Here’s catfishing, by the way.  “A catfish is someone who creates a false online identity. Catfishing is common on social networking and online dating sites. Sometimes a catfish's sole purpose is to engage in a fantasy. Sometimes, however, the catfish's intent is to defraud a victim, seek revenge or commit identity theft.”  If you ask me, Ayn Rand is a catfish, giving men that fantasy of superiority, absolute objectivity and rationality.  Control.  Power.

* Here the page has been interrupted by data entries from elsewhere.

Lemma is_derive_glue a g k g' k' :
  (forall x, is_derive g x (g' x)) -> (forall x, is_derive k x (k' x)) ->
  g a = k a -> g' a = k' a ->
  forall x, is_derive (glue a g k) x (glue a g' k' x).
Proof.
  intros Hg Hk E E' x.
  destruct (Rtotal_order x a) as [Hx|[->|Hx]].
  - unfold glue at 2. destruct (Rle_dec x a); [|lra].
    eapply is_derive_ext_loc; [apply glue_near_left, Hx|apply Hg].
  - unfold glue at 2. destruct (Rle_dec a a) as [_|C]; [|lra].
    apply is_derive_Reals. intros e He.
    destruct (proj1 (is_derive_Reals _ _ _) (Hg a) e He) as [d1 H1].
    destruct (proj1 (is_derive_Reals _ _ _) (Hk a) e He) as [d2 H2].
    exists (mkposreal _ (Rmin_pos _ _ (cond_pos d1) (cond_pos d2))). intros h Hh0 Hh. simpl in Hh.
    pose proof (Rmin_l d1 d2). pose proof (Rmin_r d1 d2).
    unfold glue. destruct (Rle_dec a a) as [_|C]; [|lra].
    destruct (Rle_dec (a + h) a).
    + apply H1; [exact Hh0|lra].
    + rewrite E, E'. apply H2; [exact Hh0|lra].
  - unfold glue at 2. destruct (Rle_dec x a); [lra|].
    eapply is_derive_ext_loc; [apply glue_near_right, Hx|apply Hk].
Qed.

Lemma continuous_glue a g k : (forall x, continuous g x) -> (forall x, continuous k x) ->
  g a = k a -> forall x, continuous (glue a g k) x.
Proof.
  intros Hg Hk E x.
  destruct (Rtotal_order x a) as [Hx|[->|Hx]].
  - eapply continuous_ext_loc; [apply glue_near_left, Hx|apply Hg].
  - apply filterlim_locally. intros e.
    destruct (proj1 (filterlim_locally _ _) (Hg a) e) as [d1 H1].
    destruct (proj1 (filterlim_locally _ _) (Hk a) e) as [d2 H2].
    exists (mkposreal _ (Rmin_pos _ _ (cond_pos d1) (cond_pos d2))). intros y Hy.
    change (Rabs (y - a) < Rmin d1 d2) in Hy. pose proof (Rmin_l d1 d2). pose proof (Rmin_r d1 d2).
    unfold glue. destruct (Rle_dec a a) as [_|C]; [|lra].
    destruct (Rle_dec y a).
    + apply H1. change (Rabs (y - a) < d1). lra.
    + rewrite E. apply H2. change (Rabs (y - a) < d2). lra.
  - eapply continuous_ext_loc; [apply glue_near_right, Hx|apply Hk].
Qed.

Lemma exp_opp_mul_1_add_le v : 0 <= v -> exp (- v) * (1 + v) <= 1.
Proof.
  intros Hv. pose proof (exp_ineq1_le v). pose proof (exp_pos (- v)).
  assert (exp (- v) * exp v = 1) by (rewrite <- exp_plus, Rplus_opp_l; apply exp_0).
  nra.
Qed.

Lemma exp_opp_mul_sqr_le v : 0 <= v -> exp (- v) * (1 + v / 2) ^ 2 <= 1.
Proof.
  intros Hv. pose proof (exp_ineq1_le (v / 2)). pose proof (exp_pos (- v)).
  assert (exp (- v) * (exp (v / 2) * exp (v / 2)) = 1).
  { rewrite <- !exp_plus. replace (- v + (v / 2 + v / 2)) with 0 by field. apply exp_0. }
  assert ((1 + v / 2) ^ 2 <= exp (v / 2) * exp (v / 2)) by nra.
  nra.
Qed.

Section Cutoff.
Variable L0 : R.

Definition damp x := L0 + (x - L0) * exp (- (x - L0) ^ 2).
Definition damp_d1 x := exp (- (x - L0) ^ 2) * (1 - 2 * (x - L0) ^ 2).
Definition damp_d2 x := exp (- (x - L0) ^ 2) * (4 * (x - L0) ^ 3 - 6 * (x - L0)).

Definition cutoff := glue L0 (fun x => x) damp.
Definition cutoff_d1 := glue L0 (fun _ => 1) damp_d1.
Definition cutoff_d2 := glue L0 (fun _ => 0) damp_d2.

Lemma is_derive_cutoff x : is_derive cutoff x (cutoff_d1 x).
Proof.
  apply is_derive_glue.
  - intros y. auto_derive; [exact I|ring].
  - intros y. unfold damp, damp_d1. auto_derive; [exact I|].
    replace (- ((y + - L0) * ((y + - L0) * 1))) with (- (y - L0) ^ 2) by ring. ring.
  - unfold damp. rewrite Rminus_diag. simpl. ring.
  - unfold damp_d1. rewrite Rminus_diag, pow_i, Ropp_0, exp_0 by lia. simpl. ring.
Qed.
(* In the transfer model and with the freeze algorithm $\mathrm{CalcFreeze}$ described in the context (applied after the cycle-elimination preprocessing, if $G$ has cycles), suppose no burn transactions occur between the disputed transaction $t_0$ and the freeze time, and let $s=\mathrm{val}(t_0)$ be the amount sent by $t_0=(v\to a_0)$. Then when the algorithm terminates, the total amount frozen is exactly $s$: $$ s=\sum_{a}\mathrm{toFreeze}(a), $$ where the sum ranges over all vertices $a$ of the (preprocessed) graph.
   Context: Transfer model. There is a finite set of addresses, each holding a nonnegative token balance. A transaction is a transfer $t=(a\to b)$ of value $\mathrm{val}(t)\ge 0$ from address $a$ to address $b$; it decreases the balance of $a$ by $\mathrm{val}(t)$ and increases the balance of $b$ by $\mathrm{val}(t)$. Transactions are totally ordered in time, and each transaction is valid: the sender's balance never becomes negative. There are no burns, i.e. no operation removes tokens from an address other than a transfer. The disputed transaction is $t_0=(v\to a_0)$ with $s=\mathrm{val}(t_0)$. The freeze happens at a time after $t_0$ and after all transactions considered. For an address $a$, $\mathrm{Bal}(a)$ denotes its balance at the freeze time; no amounts are frozen before this freeze. Transaction graph $G$. Consider the transactions strictly after $t_0$ and before the freeze. $G$ is the directed multigraph whose edges are those transactions $(b\to c)$ for which there is a directed path of such transactions from $a_0$ to $b$ ($b=a_0$ allowed). The vertices are $a_0$ and all endpoints of these edges. Each edge keeps its time and its value $\mathrm{val}$. Cycle elimination (preprocessing). While $G$ contains a directed cycle $c_0,\dots,c_{k-1}$ of edges, let $c$ be an edge of minimal value on it (ties broken arbitrarily) and $d=\mathrm{val}(c)$. Remove $c$ from $G$ and subtract $d$ from the value of every other edge of the cycle. Edge times are unchanged. Repeat until $G$ is acyclic. Algorithm $\mathrm{CalcFreeze}$ (on acyclic $G$): - Let $L$ be a topological order of the vertices of $G$, i.e. for every edge $a\to b$, $a$ precedes $b$. - Initialize $\mathrm{oblig}(a)=0$ for all $a\neq a_0$ and $\mathrm{oblig}(a_0)=s$. - For each $a$ in the order $L$: - Set $\tau=\mathrm{oblig}(a)$, $\mathrm{toFreeze}(a)=\min(\tau,\mathrm{Bal}(a))$ and $\tau'=\tau-\mathrm{toFreeze}(a)$. - If $\tau'\le 0$, proceed to the next vertex. - Otherwise, iterate over the outgoing edges $t=(a\to b)$ of $a$ in $G$ in reverse chronological order (most recent first). For each such edge set $\mathrm{ob}(b,t)=\min(\tau',\mathrm{val}(t))$, add $\mathrm{ob}(b,t)$ to $\mathrm{oblig}(b)$, and subtract $\mathrm{ob}(b,t)$ from $\tau'$. Stop iterating over the edges of $a$ as soon as $\tau'\le 0$. - Edges never processed have $\mathrm{ob}(b,t)=0$. *)

From mathcomp Require Import all_boot all_order all_algebra.
Set Implicit Arguments. Unset Strict Implicit. Unset Printing Implicit Defensive.
Import Order.TTheory GRing.Theory Num.Theory.
Local Open Scope ring_scope.

Section Model.
Variables (R : realDomainType) (A : finType).

Definition tx := (A * A * R)%type.
Definition tsrc (t : tx) : A := t.1.1.
Definition tdst (t : tx) : A := t.1.2.
Definition tval (t : tx) : R := t.2.

(* Effect of a transfer on balances (no burns: only transfers exist). *)
Definition apply_tx (bal : A -> R) (t : tx) : A -> R :=
  fun x => bal x - (if x == tsrc t then tval t else 0)
                 + (if x == tdst t then tval t else 0).

Fixpoint valid_run (bal : A -> R) (ts : seq tx) : Prop :=
  match ts with
  | [::] => True
  | t :: ts' => [/\ 0 <= tval t, 0 <= bal (tsrc t) - tval t
                  & valid_run (apply_tx bal t) ts']
  end.

Definition final_bal (bal : A -> R) (ts : seq tx) : A -> R := foldl apply_tx bal ts.

(* Edges of G: (time, transaction); time = position among the transactions
   strictly after t0. *)
Definition edge := (nat * tx)%type.
Definition etime (e : edge) : nat := e.1.
Definition esrc (e : edge) : A := tsrc e.2.
Definition edst (e : edge) : A := tdst e.2.
Definition eval (e : edge) : R := tval e.2.

Definition post_rel (post : seq tx) : rel A :=
  fun x y => has (fun t => (tsrc t == x) && (tdst t == y)) post.

Definition txgraph (a0 : A) (post : seq tx) : seq edge :=
  [seq (i, nth (a0, a0, 0) post i) |
     i <- iota 0 (size post) & connect (post_rel post) a0 (tsrc (nth (a0, a0, 0) post i))].

Definition vertices (a0 : A) (post : seq tx) : seq A :=
  undup (a0 :: flatten [seq [:: esrc e; edst e] | e <- txgraph a0 post]).

Definition is_cycle (G cyc : seq edge) : Prop :=
  [/\ cyc != [::], all (fun e => e \in G) cyc, uniq cyc, uniq (map esrc cyc)
    & cycle (fun e f => edst e == esrc f) cyc].

Definition acyclic (G : seq edge) : Prop := ~ exists cyc, is_cycle G cyc.

Definition elim_step (G G' : seq edge) : Prop :=
  exists cyc c, [/\ is_cycle G cyc, c \in cyc,
    (forall e, e \in cyc -> eval c <= eval e)
    & G' = [seq (if e \in cyc then (etime e, (esrc e, edst e, eval e - eval c)) else e)
            | e <- G & e != c]].

Inductive elim_result : seq edge -> seq edge -> Prop :=
| elim_done G : acyclic G -> elim_result G G
| elim_more G G1 G2 : elim_step G G1 -> elim_result G1 G2 -> elim_result G G2.

Definition topo_order (V : seq A) (G : seq edge) (L : seq A) : Prop :=
  uniq L /\ perm_eq L V /\
  forall e, e \in G -> (index (esrc e) L < index (edst e) L)%N.

Definition out_edges (G : seq edge) (a : A) : seq edge :=
  sort (fun e f => etime f <= etime e)%N [seq e <- G | esrc e == a].

Fixpoint distribute (tau : R) (es : seq edge) (ob : A -> R) : A -> R :=
  match es with
  | [::] => ob
  | e :: es' =>
      if tau <= 0 then ob else
      let x := Num.min tau (eval e) in
      distribute (tau - x) es' (fun b => if b == edst e then ob b + x else ob b)
  end.

(* Process one vertex a; state = (oblig, toFreeze). *)
Definition process (Bal : A -> R) (G : seq edge) (st : (A -> R) * (A -> R)) (a : A)
  : (A -> R) * (A -> R) :=
  let ob := st.1 in
  let fr := st.2 in
  let tau := ob a in
  let f := Num.min tau (Bal a) in
  (distribute (tau - f) (out_edges G a) ob, fun x => if x == a then f else fr x).

Definition calc_freeze (Bal : A -> R) (G : seq edge) (a0 : A) (s : R) (L : seq A)
  : (A -> R) * (A -> R) :=
  foldl (process Bal G) ((fun x => if x == a0 then s else 0), fun _ => 0) L.

Definition toFreeze (Bal : A -> R) (G : seq edge) (a0 : A) (s : R) (L : seq A) : A -> R :=
  (calc_freeze Bal G a0 s L).2.

End Model.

Nasdijj is less a hoax than a fantasy.  It’s painful to admit —  puritanical to blame the storyteller for telling stories that aren’t “true” because of one’s own disappointment.  That's not in the author -- it's in the reader.  What about consciousness-raising, realizing what our unwarranted assumptions are about an individual and real group of people?  Maybe the deepest problem is thinking they are a defined group, since it’s the tribe that sets the standards for enrollment (probably based on a list made by the military in the 19th century) and the US government that defines which group of people “is” a tribe.  A person can be provably descended from real tribal people without being enrolled or even belonging to a "tribe." 

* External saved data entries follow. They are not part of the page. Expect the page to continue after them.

(* Let $A\subset\{1,2,3,\dots\}$ be a set whose natural density $d(A)=\lim_{n\to\infty}\#(A\cap[1,n])/n$ exists and satisfies $d(A)>0$. Let $F_A(s)=-\sum_{j\in A}\ln(1-e^{sj})$ for $s<0$. Then for every integer $m\ge0$, $$F_A^{(m)}(-s)\sim d(A)\,\zeta(2)\,\Gamma(m+1)\,\frac{1}{s^{m+1}},\quad\text{as } s\downarrow0.$$
   Context: $F_A$ is the fulcrum $s\mapsto\ln P_A(e^s)$ of $P_A(z)=\prod_{j\in A}(1-z^j)^{-1}$, the generating function of partitions with parts in $A$. $F_A^{(m)}$ is the $m$-th derivative. $\alpha(s)\sim\beta(s)$ means $\alpha(s)/\beta(s)\to1$. $\zeta$ is the Riemann zeta function and $\Gamma$ the Gamma function. *)

From Stdlib Require Import Reals Arith.
From Coquelicot Require Import Coquelicot.
Open Scope R_scope.

(* A subset of the positive integers is encoded as a boolean predicate on nat
   together with the hypothesis [A 0 = false]. *)

Definition countA (A : nat -> bool) (n : nat) : R :=
  sum_n_m (fun k => if A k then 1 else 0) 1 n.

Definition has_density (A : nat -> bool) (d : R) : Prop :=
  is_lim_seq (fun n => countA A n / INR n) d.

Definition F_A (A : nat -> bool) (s : R) : R :=
  - Series (fun j => if A j then ln (1 - exp (s * INR j)) else 0).

Definition zeta (s : R) : R :=
  Series (fun n => / Rpower (INR (S n)) s).

Definition Gamma_nat_succ (m : nat) : R := INR (Factorial.fact m).

From Stdlib Require Import Reals Factorial Lra Lia.
From Coquelicot Require Import Coquelicot.
Open Scope R_scope.

(* Expanding the logarithm and exchanging the two sums,
   F_A(y) = sum_(k >= 1) (1/k) P_0(e^(k y)) for y < 0, where P_m(X) = sum_(j in A) j^m X^j;
   differentiating termwise, F_A^(m)(y) = sum_(k >= 1) k^(m-1) P_m(e^(k y)). Hence
   s^(m+1) F_A^(m)(-s) = sum_(k >= 1) k^(-2) g(k s) with g(t) = t^(m+1) P_m(e^(-t)).
   An Abelian argument gives (1 - X)^(m+1) P_m(X) -> d m! as X -> 1-: summation by parts
   against the counting error #(A ∩ [1,n]) - d n reduces it to the set of all positive
   integers, for which sum_n (n+1)...(n+m) X^n = m! / (1 - X)^(m+1) is explicit.
   Thus g(t) -> d m! as t -> 0+, and since g is bounded the limit passes through the
   series in k, giving d m! zeta(2). Below, P_m is [gen A m] and g is [tgen A m]. *)

(** * Series of real numbers *)

Lemma sum_n_Sn_R (a : nat -> R) n : sum_n a (S n) = sum_n a n + a (S n).
Proof. now rewrite sum_Sn. Qed.

Lemma sum_n_nonneg (a : nat -> R) n : (forall k, 0 <= a k) -> 0 <= sum_n a n.
Proof.
  intros Ha; induction n as [|n IH]; [now rewrite sum_O|].
  rewrite sum_n_Sn_R; specialize (Ha (S n)); lra.
Qed.

Lemma ex_pseries_R (a : nat -> R) x : ex_pseries a x <-> ex_series (fun n => a n * x ^ n).
Proof. split; apply ex_series_ext; intros n; apply Rmult_comm. Qed.

Lemma ex_series_le_R (a b : nat -> R) :
  (forall n, Rabs (a n) <= b n) -> ex_series b -> ex_series a.
Proof. apply (ex_series_le (V := R_CompleteNormedModule)). Qed.

Lemma ex_series_le_nonneg (a b : nat -> R) :
  (forall n, 0 <= a n <= b n) -> ex_series b -> ex_series a.
Proof.
  intros Hab; apply ex_series_le_R; intros n.
  rewrite Rabs_pos_eq; apply Hab.
Qed.

Section NonnegSeries.

Variable a : nat -> R.
Hypothesis a_nonneg : forall n, 0 <= a n.

Lemma sum_n_le_Series n : ex_series a -> sum_n a n <= Series a.
Proof.
  intros Ha; apply (is_lim_seq_incr_compare (sum_n a)); [exact (Series_correct _ Ha)|].
  intros k; rewrite sum_n_Sn_R; specialize (a_nonneg (S k)); lra.
Qed.

Lemma term_le_Series n : ex_series a -> a n <= Series a.
Proof.
  intros Ha; apply Rle_trans with (sum_n a n); [|now apply sum_n_le_Series].
  destruct n as [|n]; [rewrite sum_O; lra|].
  rewrite sum_n_Sn_R; pose proof (sum_n_nonneg a n a_nonneg); lra.
Qed.

Lemma Series_nonneg : ex_series a -> 0 <= Series a.
Proof. intros Ha; apply Rle_trans with (a 0%nat); [apply a_nonneg | now apply term_le_Series]. Qed.

Lemma ex_series_nonneg_bounded B : (forall n, sum_n a n <= B) -> ex_series a.
Proof.
  intros HB; destruct (growing_cv (sum_n a)) as [l Hl].
  - intros n; rewrite sum_n_Sn_R; specialize (a_nonneg (S n)); lra.
  - exists B; intros x [n ->]; apply HB.
  - exists l; now apply is_lim_seq_Reals.
Qed.

End NonnegSeries.

Lemma Series_le_ub (a : nat -> R) B : ex_series a -> (forall n, sum_n a n <= B) -> Series a <= B.
Proof.
  intros Ha HB.
  exact (is_lim_seq_le (sum_n a) (fun _ => B) (Series a) B HB
           (Series_correct _ Ha) (is_lim_seq_const B)).
Qed.

Lemma Rabs_Series_le (a b : nat -> R) :
  (forall n, Rabs (a n) <= b n) -> ex_series b -> Rabs (Series a) <= Series b.
Proof.
  intros Hab Hb; apply Rle_trans with (Series (fun n => Rabs (a n))).
  - apply Series_Rabs, (ex_series_le_R _ b); [|exact Hb].
    intros n; rewrite Rabs_Rabsolu; apply Hab.
  - apply Series_le; [|exact Hb]; intros n; split; [apply Rabs_pos | apply Hab].
Qed.

Lemma Series_tail_lt (a : nat -> R) : ex_series a -> forall eps, 0 < eps ->
  exists N, forall n, (N <= n)%nat -> Rabs (Series (fun k => a (n + k)%nat)) < eps.
Proof.
  intros Ha eps Heps.
  assert (Hlim : is_lim_seq (sum_n a) (Series a)) by exact (Series_correct _ Ha).
  destruct (proj2 (is_lim_seq_spec _ _) Hlim (mkposreal eps Heps)) as [N HN].
  exists (S N); intros n Hn.
  specialize (HN (pred n) ltac:(lia)); simpl in HN.
  rewrite (Series_incr_n a n), <- sum_n_Reals in HN by (lia || exact Ha).
  rewrite <- Rabs_Ropp; replace (- _)
    with (sum_n a (pred n) - (sum_n a (pred n) + Series (fun k => a (n + k)%nat))) by ring.
  exact HN.
Qed.

Section Tonelli.

Variable a : nat -> nat -> R.
Hypothesis a_nonneg : forall j k, 0 <= a j k.

Lemma Series_sum_n J : (forall j, ex_series (fun k => a j k)) ->
  ex_series (fun k => sum_n (fun j => a j k) J) /\
  Series (fun k => sum_n (fun j => a j k) J) = sum_n (fun j => Series (fun k => a j k)) J.
Proof.
  intros Hrow; induction J as [|J [IHex IHeq]].
  - split; [apply (ex_series_ext (a 0%nat)) | rewrite sum_O; apply Series_ext];
      [| apply Hrow |]; intros k; now rewrite sum_O.
  - split.
    + apply (ex_series_ext (fun k => sum_n (fun j => a j k) J + a (S J) k));
        [intros k; now rewrite sum_n_Sn_R | now apply (ex_series_plus (V := R_NormedModule))].
    + rewrite sum_n_Sn_R, <- IHeq, <- Series_plus by easy.
      apply Series_ext; intros k; now rewrite sum_n_Sn_R.
Qed.

Lemma Series_Series_le :
  (forall k, ex_series (fun j => a j k)) -> ex_series (fun k => Series (fun j => a j k)) ->
  (forall j, ex_series (fun k => a j k)) /\ ex_series (fun j => Series (fun k => a j k)) /\
  Series (fun j => Series (fun k => a j k)) <= Series (fun k => Series (fun j => a j k)).
Proof.
  intros Hcol Hcols.
  assert (Hrow : forall j, ex_series (fun k => a j k)).
  { intros j; apply (ex_series_le_nonneg _ _ (fun k => conj (a_nonneg j k)
      (term_le_Series (fun j => a j k) (fun j => a_nonneg j k) j (Hcol k)))), Hcols. }
  assert (Hpart : forall J,
    sum_n (fun j => Series (fun k => a j k)) J <= Series (fun k => Series (fun j => a j k))).
  { intros J; destruct (Series_sum_n J Hrow) as [_ <-].
    apply Series_le; [|exact Hcols]; intros k; split.
    - apply sum_n_nonneg; intros j; apply a_nonneg.
    - apply sum_n_le_Series; [intros j; apply a_nonneg | apply Hcol]. }
  assert (Hrows : ex_series (fun j => Series (fun k => a j k))).
  { apply (ex_series_nonneg_bounded _ (fun j => Series_nonneg _ (a_nonneg j) (Hrow j)) _ Hpart). }
  repeat split; try assumption; now apply Series_le_ub.
Qed.

End Tonelli.

Lemma Series_Series_comm (a : nat -> nat -> R) : (forall j k, 0 <= a j k) ->
  (forall k, ex_series (fun j => a j k)) -> ex_series (fun k => Series (fun j => a j k)) ->
  Series (fun j => Series (fun k => a j k)) = Series (fun k => Series (fun j => a j k)).
Proof.
  intros Ha Hcol Hcols.
  destruct (Series_Series_le a Ha Hcol Hcols) as [Hrow [Hrows Hle]].
  destruct (Series_Series_le (fun k j => a j k) (fun k j => Ha j k) Hrow Hrows) as [_ [_ Hge]].
  lra.
Qed.

Lemma filter_forall_lt {T} {F : (T -> Prop) -> Prop} {FF : Filter F} (P : nat -> T -> Prop) N :
  (forall k, (k < N)%nat -> F (P k)) -> F (fun s => forall k, (k < N)%nat -> P k s).
Proof.
  induction N as [|N IH]; intros HP.
  - apply filter_forall; intros s k Hk; lia.
  - apply (filter_imp (fun s => (forall k, (k < N)%nat -> P k s) /\ P N s)).
    + intros s [Hlt HN] k Hk; destruct (Nat.eq_dec k N) as [->|]; [exact HN | apply Hlt; lia].
    + apply filter_and; [apply IH; intros k Hk; apply HP; lia | apply HP; lia].
Qed.

Lemma Rabs_Series_mul_sub_le (w g : nat -> R) L K eta N :
  (forall k, 0 <= w k) -> ex_series w -> 0 <= eta ->
  (forall k, Rabs (g k) <= K) -> (forall k, (k < N)%nat -> Rabs (g k - L) <= eta) ->
  Rabs (Series (fun k => w k * g k) - L * Series w)
  <= eta * Series w + (K + Rabs L) * Series (fun k => w (N + k)%nat).
Proof.
  intros Hw Hwex Heta HK Hnear; set (C := K + Rabs L).
  assert (HC : forall k, Rabs (g k - L) <= C).
  { intros k; unfold Rminus; eapply Rle_trans; [apply Rabs_triang|].
    rewrite Rabs_Ropp; specialize (HK k); unfold C; lra. }
  assert (Hex : ex_series (fun k => w k * g k)).
  { apply (ex_series_le_R _ (fun k => K * w k));
      [|now apply (ex_series_scal_l (V := R_NormedModule))].
    intros k; rewrite Rabs_mult, Rabs_pos_eq, Rmult_comm by apply Hw.
    apply Rmult_le_compat_r; [apply Hw | apply HK]. }
  set (v := fun k => if (k <? N)%nat then 0 else w k).
  assert (Hv : Series v = Series (fun k => w (N + k)%nat)).
  { rewrite (Series_incr_n_aux v N).
    - apply Series_ext; intros k; unfold v.
      now replace ((N + k <? N)%nat) with false by (symmetry; apply Nat.ltb_ge; lia).
    - intros k Hk; unfold v.
      now replace ((k <? N)%nat) with true by (symmetry; apply Nat.ltb_lt; lia). }
  assert (Hvex : ex_series v).
  { apply (ex_series_le_nonneg _ w); [|exact Hwex]; intros k; unfold v.
    destruct (k <? N)%nat; specialize (Hw k); lra. }
  replace (Series _ - L * Series w) with (Series (fun k => w k * (g k - L))).
  2: { rewrite <- Series_scal_l, <- Series_minus; [apply Series_ext; intros; ring | easy |].
       now apply (ex_series_scal_l (V := R_NormedModule)). }
  rewrite <- Hv, <- !Series_scal_l, <- Series_plus
    by now apply (ex_series_scal_l (V := R_NormedModule)).
  apply Rabs_Series_le.
  - intros k; rewrite Rabs_mult, (Rabs_pos_eq (w k)) by apply Hw.
    assert (Hwk := Hw k); assert (0 <= eta * w k) by now apply Rmult_le_pos.
    unfold v; destruct (k <? N)%nat eqn:Hk.
    + apply Nat.ltb_lt, Hnear in Hk.
      assert (w k * Rabs (g k - L) <= w k * eta) by now apply Rmult_le_compat_l.
      lra.
    + assert (w k * Rabs (g k - L) <= w k * C) by (apply Rmult_le_compat_l; [lra | apply HC]).
      lra.
  - apply (ex_series_plus (V := R_NormedModule));
      now apply (ex_series_scal_l (V := R_NormedModule)).
Qed.

Lemma filterlim_Series_dominated {T} {F : (T -> Prop) -> Prop} {FF : Filter F}
  (w : nat -> R) (G : nat -> T -> R) (L K : R) :
  (forall k, 0 <= w k) -> ex_series w ->
  F (fun s => forall k, Rabs (G k s) <= K) ->
  (forall k, filterlim (G k) F (locally L)) ->
  filterlim (fun s => Series (fun k => w k * G k s)) F (locally (L * Series w)).
Proof.
  intros Hw Hwex Hbound Hlim; apply filterlim_locally; intros eps.
  assert (Heps := cond_pos eps).
  set (W := Series w); assert (HW : 0 <= W) by now apply Series_nonneg.
  set (C := Rabs (K + Rabs L)); assert (HC := Rabs_pos (K + Rabs L)); fold C in HC.
  destruct (Series_tail_lt w Hwex (eps / (2 * (C + 1))) ltac:(apply Rdiv_lt_0_compat; lra)) as [N HN].
  specialize (HN N (le_n N)).
  assert (Htail : 0 <= Series (fun k => w (N + k)%nat))
    by (apply Series_nonneg; [intros k; apply Hw | now apply ex_series_incr_n]).
  rewrite Rabs_pos_eq in HN by exact Htail.
  set (eta := eps / (2 * (W + 1))).
  assert (Heta : 0 < eta) by (apply Rdiv_lt_0_compat; lra).
  assert (Hnear : F (fun s => forall k, (k < N)%nat -> Rabs (G k s - L) < eta)).
  { apply filter_forall_lt; intros k _.
    exact (proj1 (filterlim_locally _ _) (Hlim k) (mkposreal eta Heta)). }
  generalize (filter_and _ _ Hnear Hbound); apply filter_imp; intros s [Hs HK].
  change (Rabs (Series (fun k => w k * G k s) - L * W) < eps).
  eapply Rle_lt_trans.
  { apply (Rabs_Series_mul_sub_le w (fun k => G k s) L K eta N Hw Hwex); [lra | exact HK |].
    intros k Hk; left; now apply Hs. }
  fold W; assert (eta * W < eps / 2).
  { unfold eta; apply (Rmult_lt_reg_r (2 * (W + 1))); [lra|]; field_simplify; [nra | lra]. }
  assert ((K + Rabs L) * Series (fun k => w (N + k)%nat) < eps / 2).
  { apply Rle_lt_trans with (C * (eps / (2 * (C + 1)))).
    - apply Rle_trans with (C * Series (fun k => w (N + k)%nat)).
      + apply Rmult_le_compat_r; [exact Htail | apply Rle_abs].
      + apply Rmult_le_compat_l; lra.
    - apply (Rmult_lt_reg_r (2 * (C + 1))); [lra|]; field_simplify; [nra | lra]. }
  lra.
Qed.

(** * Term-by-term differentiation *)

Lemma MVT_Rabs_le (f f' : R -> R) y h M :
  (forall z, Rabs (z - y) <= Rabs h -> is_derive f z (f' z)) ->
  (forall z, Rabs (z - y) <= Rabs h -> Rabs (f' z) <= M) ->
  Rabs (f (y + h) - f y) <= M * Rabs h.
Proof.
  intros Hf Hf'.
  assert (Hseg : forall z, Rmin y (y + h) <= z <= Rmax y (y + h) -> Rabs (z - y) <= Rabs h).
  { intros z; unfold Rmin, Rmax; destruct (Rle_dec y (y + h));
      intros; unfold Rabs; destruct (Rcase_abs (z - y)), (Rcase_abs h); lra. }
  destruct (MVT_gen f y (y + h) f') as [c [Hc ->]].
  - intros z Hz; apply Hf, Hseg; lra.
  - intros z Hz; apply continuity_pt_filterlim, (ex_derive_continuous f z).
    exists (f' z); apply Hf, Hseg; lra.
  - replace (y + h - y) with h by ring; rewrite Rabs_mult.
    apply Rmult_le_compat_r; [apply Rabs_pos | now apply Hf', Hseg].
Qed.

Section SeriesDerive.

Variables (u u' : nat -> R -> R) (M : nat -> R) (y r : R).
Hypothesis r_pos : 0 < r.
Hypothesis u_derive : forall n z, Rabs (z - y) < r -> is_derive (u n) z (u' n z).
Hypothesis u'_bound : forall n z, Rabs (z - y) < r -> Rabs (u' n z) <= M n.
Hypothesis M_ex : ex_series M.
Hypothesis u_ex : forall z, Rabs (z - y) < r -> ex_series (fun n => u n z).

Let y_near : Rabs (y - y) < r.
Proof. rewrite Rminus_eq_0, Rabs_R0; exact r_pos. Qed.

I went to a reservation once and even went to a local bar, thinking I might be accepted, but the only persons who talked to me were the bartender and a drunk who wanted money.  Anyway, it wasn’t like the “Red Pony” on “Longmire.”  It was scary, so I left.  

I always had the fantasy that I would go to a book reading by Nasdijj and he would realize how sympathetic I was.  We’d go a little apart and people would give us space so we could really talk, because they could see that he valued me.  

I guess a lot of people have that fantasy about a favorite author.  When it turns out that the book was just a book, it’s hard on a reader’s ego.  The trouble is that it keeps the reader from getting the political message.  Must be discouraging for the author.

Thanks, Mary, for giving me this safe space.

1 comment:

Whisky Prajer said...

I am grateful for this post as well, Mary. It untangles a great deal of the "knotiness" of this particular scandale.